_TASK TO CARRY OUT_.
Output must match the data below exactly from its first line through the line that contains "by rewrite addrACA", with no other line.

[Collected data]
————
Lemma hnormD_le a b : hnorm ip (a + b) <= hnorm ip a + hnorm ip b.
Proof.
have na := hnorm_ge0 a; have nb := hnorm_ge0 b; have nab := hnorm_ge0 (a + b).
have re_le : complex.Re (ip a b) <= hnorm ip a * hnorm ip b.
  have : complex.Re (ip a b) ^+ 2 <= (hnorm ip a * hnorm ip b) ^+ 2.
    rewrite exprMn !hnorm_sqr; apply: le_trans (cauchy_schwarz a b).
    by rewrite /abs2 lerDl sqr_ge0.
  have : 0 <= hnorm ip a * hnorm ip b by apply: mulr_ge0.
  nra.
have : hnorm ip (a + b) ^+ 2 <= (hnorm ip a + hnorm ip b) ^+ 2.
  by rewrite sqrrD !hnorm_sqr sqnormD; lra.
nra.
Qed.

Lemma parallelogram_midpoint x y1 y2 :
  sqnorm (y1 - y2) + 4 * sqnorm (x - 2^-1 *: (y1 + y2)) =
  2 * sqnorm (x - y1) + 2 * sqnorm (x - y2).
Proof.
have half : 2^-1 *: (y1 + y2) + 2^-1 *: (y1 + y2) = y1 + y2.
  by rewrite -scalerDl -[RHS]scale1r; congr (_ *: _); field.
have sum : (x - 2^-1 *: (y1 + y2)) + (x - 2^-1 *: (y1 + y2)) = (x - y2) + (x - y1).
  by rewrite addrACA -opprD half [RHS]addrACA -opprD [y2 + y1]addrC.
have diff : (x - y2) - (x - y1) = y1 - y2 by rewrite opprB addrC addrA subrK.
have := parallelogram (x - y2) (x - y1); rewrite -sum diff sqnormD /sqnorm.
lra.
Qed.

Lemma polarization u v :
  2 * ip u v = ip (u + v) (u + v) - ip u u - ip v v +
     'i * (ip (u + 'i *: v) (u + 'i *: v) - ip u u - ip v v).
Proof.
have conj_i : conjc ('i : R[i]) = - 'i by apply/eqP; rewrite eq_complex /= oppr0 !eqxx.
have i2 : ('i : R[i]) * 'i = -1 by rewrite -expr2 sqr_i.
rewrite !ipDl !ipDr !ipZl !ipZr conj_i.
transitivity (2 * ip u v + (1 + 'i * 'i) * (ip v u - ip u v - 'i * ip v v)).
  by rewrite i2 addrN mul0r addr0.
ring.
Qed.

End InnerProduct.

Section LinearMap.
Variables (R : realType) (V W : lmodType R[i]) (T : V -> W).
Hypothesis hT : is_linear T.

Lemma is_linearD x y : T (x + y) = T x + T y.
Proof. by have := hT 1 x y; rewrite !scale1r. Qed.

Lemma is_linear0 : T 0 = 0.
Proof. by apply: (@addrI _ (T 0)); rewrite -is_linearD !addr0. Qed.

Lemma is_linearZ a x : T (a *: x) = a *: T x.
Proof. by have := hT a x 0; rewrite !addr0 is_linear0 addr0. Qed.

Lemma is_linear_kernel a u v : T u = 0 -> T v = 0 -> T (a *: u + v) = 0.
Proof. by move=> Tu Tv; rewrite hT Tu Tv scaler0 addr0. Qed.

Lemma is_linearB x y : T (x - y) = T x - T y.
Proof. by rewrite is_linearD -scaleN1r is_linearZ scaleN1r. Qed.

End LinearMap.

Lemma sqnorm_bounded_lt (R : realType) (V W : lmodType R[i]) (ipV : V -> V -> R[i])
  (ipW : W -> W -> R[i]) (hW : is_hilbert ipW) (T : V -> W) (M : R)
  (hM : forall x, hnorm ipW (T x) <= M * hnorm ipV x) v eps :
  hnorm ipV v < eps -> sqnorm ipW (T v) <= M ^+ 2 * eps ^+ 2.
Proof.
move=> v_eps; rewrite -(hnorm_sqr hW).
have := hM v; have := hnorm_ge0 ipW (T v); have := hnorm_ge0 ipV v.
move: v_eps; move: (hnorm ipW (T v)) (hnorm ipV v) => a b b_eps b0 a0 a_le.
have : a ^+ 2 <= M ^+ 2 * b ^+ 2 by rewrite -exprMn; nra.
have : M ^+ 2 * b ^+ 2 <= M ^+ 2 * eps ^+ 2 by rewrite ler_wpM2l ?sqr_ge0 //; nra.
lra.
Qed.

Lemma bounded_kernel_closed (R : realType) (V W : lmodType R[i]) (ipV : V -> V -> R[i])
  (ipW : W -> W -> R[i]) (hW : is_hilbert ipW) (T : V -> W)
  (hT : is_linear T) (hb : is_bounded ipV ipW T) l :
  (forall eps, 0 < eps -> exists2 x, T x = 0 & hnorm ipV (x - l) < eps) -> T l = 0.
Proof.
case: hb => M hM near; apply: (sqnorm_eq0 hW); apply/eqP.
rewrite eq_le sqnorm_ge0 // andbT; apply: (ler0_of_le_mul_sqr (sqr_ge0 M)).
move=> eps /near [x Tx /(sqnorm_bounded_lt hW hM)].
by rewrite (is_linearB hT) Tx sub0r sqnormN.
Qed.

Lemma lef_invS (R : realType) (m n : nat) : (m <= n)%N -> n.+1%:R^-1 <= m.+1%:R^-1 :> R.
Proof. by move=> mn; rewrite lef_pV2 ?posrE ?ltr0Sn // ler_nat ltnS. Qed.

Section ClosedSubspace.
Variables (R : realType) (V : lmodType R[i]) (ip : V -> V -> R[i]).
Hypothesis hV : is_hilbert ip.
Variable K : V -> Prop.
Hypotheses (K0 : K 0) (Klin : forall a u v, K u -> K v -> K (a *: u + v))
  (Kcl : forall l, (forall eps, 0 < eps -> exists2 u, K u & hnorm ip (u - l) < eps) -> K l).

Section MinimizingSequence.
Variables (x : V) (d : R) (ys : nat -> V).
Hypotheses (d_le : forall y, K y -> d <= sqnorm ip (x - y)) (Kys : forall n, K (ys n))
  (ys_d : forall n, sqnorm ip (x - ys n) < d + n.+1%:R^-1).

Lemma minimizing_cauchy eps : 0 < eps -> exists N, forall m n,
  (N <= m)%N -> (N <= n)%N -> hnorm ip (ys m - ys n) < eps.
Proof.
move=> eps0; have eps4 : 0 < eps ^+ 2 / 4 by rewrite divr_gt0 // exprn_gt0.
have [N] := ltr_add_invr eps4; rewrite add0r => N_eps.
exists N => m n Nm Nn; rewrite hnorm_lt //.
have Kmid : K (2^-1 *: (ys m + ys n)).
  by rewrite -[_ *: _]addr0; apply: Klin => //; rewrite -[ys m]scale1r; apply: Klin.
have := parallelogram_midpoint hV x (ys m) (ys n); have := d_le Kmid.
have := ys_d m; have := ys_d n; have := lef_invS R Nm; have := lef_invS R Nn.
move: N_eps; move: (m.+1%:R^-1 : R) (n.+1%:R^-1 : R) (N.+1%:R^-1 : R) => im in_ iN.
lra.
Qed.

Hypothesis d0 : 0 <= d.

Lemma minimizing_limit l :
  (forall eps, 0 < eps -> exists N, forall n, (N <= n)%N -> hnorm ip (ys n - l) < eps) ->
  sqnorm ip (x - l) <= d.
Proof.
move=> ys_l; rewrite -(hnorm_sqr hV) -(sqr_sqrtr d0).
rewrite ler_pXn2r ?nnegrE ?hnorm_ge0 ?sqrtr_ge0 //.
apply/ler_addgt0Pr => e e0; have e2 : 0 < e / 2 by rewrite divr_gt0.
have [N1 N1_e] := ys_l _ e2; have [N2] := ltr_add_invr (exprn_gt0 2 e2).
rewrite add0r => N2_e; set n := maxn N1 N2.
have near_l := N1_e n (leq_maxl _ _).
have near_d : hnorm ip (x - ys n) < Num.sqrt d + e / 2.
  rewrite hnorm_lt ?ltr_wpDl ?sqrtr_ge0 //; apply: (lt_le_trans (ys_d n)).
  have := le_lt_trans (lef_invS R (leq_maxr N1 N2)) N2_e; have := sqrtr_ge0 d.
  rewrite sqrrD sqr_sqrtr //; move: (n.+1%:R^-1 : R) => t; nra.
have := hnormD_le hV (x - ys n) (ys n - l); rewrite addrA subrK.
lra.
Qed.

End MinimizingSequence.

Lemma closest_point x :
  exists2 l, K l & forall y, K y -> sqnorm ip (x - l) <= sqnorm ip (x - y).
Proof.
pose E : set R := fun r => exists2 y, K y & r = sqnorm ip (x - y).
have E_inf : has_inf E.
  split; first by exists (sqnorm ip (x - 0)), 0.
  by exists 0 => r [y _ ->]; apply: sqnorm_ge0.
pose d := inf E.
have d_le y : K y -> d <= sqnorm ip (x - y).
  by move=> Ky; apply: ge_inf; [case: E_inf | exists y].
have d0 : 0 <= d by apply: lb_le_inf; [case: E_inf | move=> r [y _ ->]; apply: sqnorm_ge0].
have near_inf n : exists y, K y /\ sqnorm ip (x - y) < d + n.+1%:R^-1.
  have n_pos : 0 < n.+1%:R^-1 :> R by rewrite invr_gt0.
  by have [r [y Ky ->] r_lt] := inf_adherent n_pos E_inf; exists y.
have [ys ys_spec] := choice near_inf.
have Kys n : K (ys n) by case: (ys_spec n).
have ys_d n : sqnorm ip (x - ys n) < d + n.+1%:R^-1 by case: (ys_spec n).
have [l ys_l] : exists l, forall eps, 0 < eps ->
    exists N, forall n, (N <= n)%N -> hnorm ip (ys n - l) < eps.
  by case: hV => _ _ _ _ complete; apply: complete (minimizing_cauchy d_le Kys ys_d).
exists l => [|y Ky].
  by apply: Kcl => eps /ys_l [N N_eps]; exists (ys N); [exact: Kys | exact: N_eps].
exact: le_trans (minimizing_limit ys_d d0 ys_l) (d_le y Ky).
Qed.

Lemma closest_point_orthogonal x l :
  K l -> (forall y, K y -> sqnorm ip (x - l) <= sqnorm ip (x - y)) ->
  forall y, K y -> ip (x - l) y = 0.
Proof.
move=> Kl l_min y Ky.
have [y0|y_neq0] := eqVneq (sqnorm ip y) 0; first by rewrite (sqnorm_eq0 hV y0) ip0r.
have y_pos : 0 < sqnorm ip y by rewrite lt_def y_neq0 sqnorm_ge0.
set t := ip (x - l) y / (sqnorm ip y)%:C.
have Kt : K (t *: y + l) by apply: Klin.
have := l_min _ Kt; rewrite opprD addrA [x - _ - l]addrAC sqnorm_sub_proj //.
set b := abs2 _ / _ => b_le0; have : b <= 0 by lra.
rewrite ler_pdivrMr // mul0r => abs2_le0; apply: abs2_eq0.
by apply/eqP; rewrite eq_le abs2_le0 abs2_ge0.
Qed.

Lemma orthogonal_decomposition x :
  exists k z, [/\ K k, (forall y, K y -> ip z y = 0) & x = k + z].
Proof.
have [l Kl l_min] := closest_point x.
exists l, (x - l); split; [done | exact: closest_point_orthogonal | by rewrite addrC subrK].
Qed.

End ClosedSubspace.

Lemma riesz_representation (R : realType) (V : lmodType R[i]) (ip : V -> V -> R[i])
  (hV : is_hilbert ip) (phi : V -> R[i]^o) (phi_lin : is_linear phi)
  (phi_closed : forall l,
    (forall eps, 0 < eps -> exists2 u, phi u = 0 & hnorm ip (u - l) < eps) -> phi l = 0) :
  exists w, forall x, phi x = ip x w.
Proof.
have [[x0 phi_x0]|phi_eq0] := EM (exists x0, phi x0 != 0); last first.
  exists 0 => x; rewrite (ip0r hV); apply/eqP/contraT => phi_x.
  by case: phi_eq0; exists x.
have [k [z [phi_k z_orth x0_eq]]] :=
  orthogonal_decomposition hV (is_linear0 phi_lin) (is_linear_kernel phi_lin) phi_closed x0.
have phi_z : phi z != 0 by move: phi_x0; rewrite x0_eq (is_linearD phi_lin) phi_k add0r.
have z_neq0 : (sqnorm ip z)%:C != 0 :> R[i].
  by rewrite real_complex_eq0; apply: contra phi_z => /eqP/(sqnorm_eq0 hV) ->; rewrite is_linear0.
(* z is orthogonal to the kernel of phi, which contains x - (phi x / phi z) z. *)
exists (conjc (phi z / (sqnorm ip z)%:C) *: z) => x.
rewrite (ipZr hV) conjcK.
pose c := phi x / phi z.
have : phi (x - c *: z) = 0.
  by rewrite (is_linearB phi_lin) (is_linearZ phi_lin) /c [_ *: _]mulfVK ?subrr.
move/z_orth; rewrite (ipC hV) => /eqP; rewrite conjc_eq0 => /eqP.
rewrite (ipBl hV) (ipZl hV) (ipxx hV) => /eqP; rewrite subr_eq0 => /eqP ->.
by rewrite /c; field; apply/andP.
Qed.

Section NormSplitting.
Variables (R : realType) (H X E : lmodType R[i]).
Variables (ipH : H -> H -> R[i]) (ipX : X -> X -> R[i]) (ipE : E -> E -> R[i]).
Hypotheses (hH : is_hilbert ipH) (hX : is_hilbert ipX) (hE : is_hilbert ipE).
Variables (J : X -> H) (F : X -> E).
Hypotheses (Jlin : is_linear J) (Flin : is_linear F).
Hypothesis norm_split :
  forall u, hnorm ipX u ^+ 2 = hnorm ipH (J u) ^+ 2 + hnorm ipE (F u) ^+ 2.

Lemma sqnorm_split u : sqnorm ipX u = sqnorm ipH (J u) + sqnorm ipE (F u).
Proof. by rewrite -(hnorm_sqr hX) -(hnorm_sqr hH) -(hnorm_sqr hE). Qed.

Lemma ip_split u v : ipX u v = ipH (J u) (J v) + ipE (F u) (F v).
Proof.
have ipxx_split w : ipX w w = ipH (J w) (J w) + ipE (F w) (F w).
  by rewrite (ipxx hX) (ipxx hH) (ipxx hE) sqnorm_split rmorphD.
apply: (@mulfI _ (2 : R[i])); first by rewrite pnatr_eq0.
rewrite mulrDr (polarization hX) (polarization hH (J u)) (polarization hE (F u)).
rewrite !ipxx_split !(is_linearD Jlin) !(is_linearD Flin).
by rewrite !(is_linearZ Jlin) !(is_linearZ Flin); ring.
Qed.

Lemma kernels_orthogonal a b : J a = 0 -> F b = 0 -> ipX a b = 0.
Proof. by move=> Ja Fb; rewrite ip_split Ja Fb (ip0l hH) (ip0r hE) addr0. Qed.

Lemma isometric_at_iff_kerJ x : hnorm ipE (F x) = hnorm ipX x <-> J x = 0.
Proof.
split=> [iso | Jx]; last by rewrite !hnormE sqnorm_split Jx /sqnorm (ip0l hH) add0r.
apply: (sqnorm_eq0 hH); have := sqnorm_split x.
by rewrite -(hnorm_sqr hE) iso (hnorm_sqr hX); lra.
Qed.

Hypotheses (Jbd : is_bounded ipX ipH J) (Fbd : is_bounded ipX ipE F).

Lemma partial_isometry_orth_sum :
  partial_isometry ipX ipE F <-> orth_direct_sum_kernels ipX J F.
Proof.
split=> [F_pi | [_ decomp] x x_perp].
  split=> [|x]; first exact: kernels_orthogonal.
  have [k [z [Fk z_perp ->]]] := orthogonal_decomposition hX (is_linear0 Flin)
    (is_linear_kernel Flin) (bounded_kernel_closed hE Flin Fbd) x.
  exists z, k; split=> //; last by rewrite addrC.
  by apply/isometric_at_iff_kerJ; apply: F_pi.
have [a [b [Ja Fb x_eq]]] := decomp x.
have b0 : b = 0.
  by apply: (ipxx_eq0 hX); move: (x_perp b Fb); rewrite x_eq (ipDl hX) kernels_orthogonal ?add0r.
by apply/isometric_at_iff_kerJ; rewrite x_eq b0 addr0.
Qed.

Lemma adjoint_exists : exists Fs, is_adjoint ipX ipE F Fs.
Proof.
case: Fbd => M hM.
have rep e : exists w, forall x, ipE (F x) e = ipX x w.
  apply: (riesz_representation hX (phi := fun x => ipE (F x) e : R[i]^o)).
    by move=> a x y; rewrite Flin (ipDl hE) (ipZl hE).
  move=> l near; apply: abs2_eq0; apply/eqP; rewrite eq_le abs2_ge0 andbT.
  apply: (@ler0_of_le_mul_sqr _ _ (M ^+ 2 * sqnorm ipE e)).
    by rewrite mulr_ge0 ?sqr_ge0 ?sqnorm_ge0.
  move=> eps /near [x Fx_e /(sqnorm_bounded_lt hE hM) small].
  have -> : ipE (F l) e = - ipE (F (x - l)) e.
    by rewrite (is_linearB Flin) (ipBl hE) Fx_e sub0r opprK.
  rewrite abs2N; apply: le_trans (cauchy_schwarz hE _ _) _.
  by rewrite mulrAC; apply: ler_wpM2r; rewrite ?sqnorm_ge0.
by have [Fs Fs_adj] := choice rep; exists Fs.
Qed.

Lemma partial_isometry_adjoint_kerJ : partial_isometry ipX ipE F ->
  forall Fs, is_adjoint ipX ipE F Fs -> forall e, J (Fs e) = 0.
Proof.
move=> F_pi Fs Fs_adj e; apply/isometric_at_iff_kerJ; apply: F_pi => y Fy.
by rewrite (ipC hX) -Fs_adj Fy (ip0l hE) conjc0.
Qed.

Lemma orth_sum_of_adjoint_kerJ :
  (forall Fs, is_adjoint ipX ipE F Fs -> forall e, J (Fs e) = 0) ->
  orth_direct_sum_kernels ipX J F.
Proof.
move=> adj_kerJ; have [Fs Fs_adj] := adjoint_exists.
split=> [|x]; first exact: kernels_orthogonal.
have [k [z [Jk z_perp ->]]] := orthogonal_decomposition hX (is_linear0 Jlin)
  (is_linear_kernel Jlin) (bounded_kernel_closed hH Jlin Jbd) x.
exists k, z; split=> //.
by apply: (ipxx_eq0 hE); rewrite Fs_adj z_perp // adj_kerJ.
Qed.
————
_REPLY TO THE EXERCISE_.
Lemma hnormD_le a b : hnorm ip (a + b) <= hnorm ip a + hnorm ip b.
Proof.
have na := hnorm_ge0 a; have nb := hnorm_ge0 b; have nab := hnorm_ge0 (a + b).
have re_le : complex.Re (ip a b) <= hnorm ip a * hnorm ip b.
  have : complex.Re (ip a b) ^+ 2 <= (hnorm ip a * hnorm ip b) ^+ 2.
    rewrite exprMn !hnorm_sqr; apply: le_trans (cauchy_schwarz a b).
    by rewrite /abs2 lerDl sqr_ge0.
  have : 0 <= hnorm ip a * hnorm ip b by apply: mulr_ge0.
  nra.
have : hnorm ip (a + b) ^+ 2 <= (hnorm ip a + hnorm ip b) ^+ 2.
  by rewrite sqrrD !hnorm_sqr sqnormD; lra.
nra.
Qed.

Lemma parallelogram_midpoint x y1 y2 :
  sqnorm (y1 - y2) + 4 * sqnorm (x - 2^-1 *: (y1 + y2)) =
  2 * sqnorm (x - y1) + 2 * sqnorm (x - y2).
Proof.
have half : 2^-1 *: (y1 + y2) + 2^-1 *: (y1 + y2) = y1 + y2.
  by rewrite -scalerDl -[RHS]scale1r; congr (_ *: _); field.
have sum : (x - 2^-1 *: (y1 + y2)) + (x - 2^-1 *: (y1 + y2)) = (x - y2) + (x - y1).
  by rewrite addrACA -opprD half [RHS]addrACA -opprD [y2 + y1]addrC.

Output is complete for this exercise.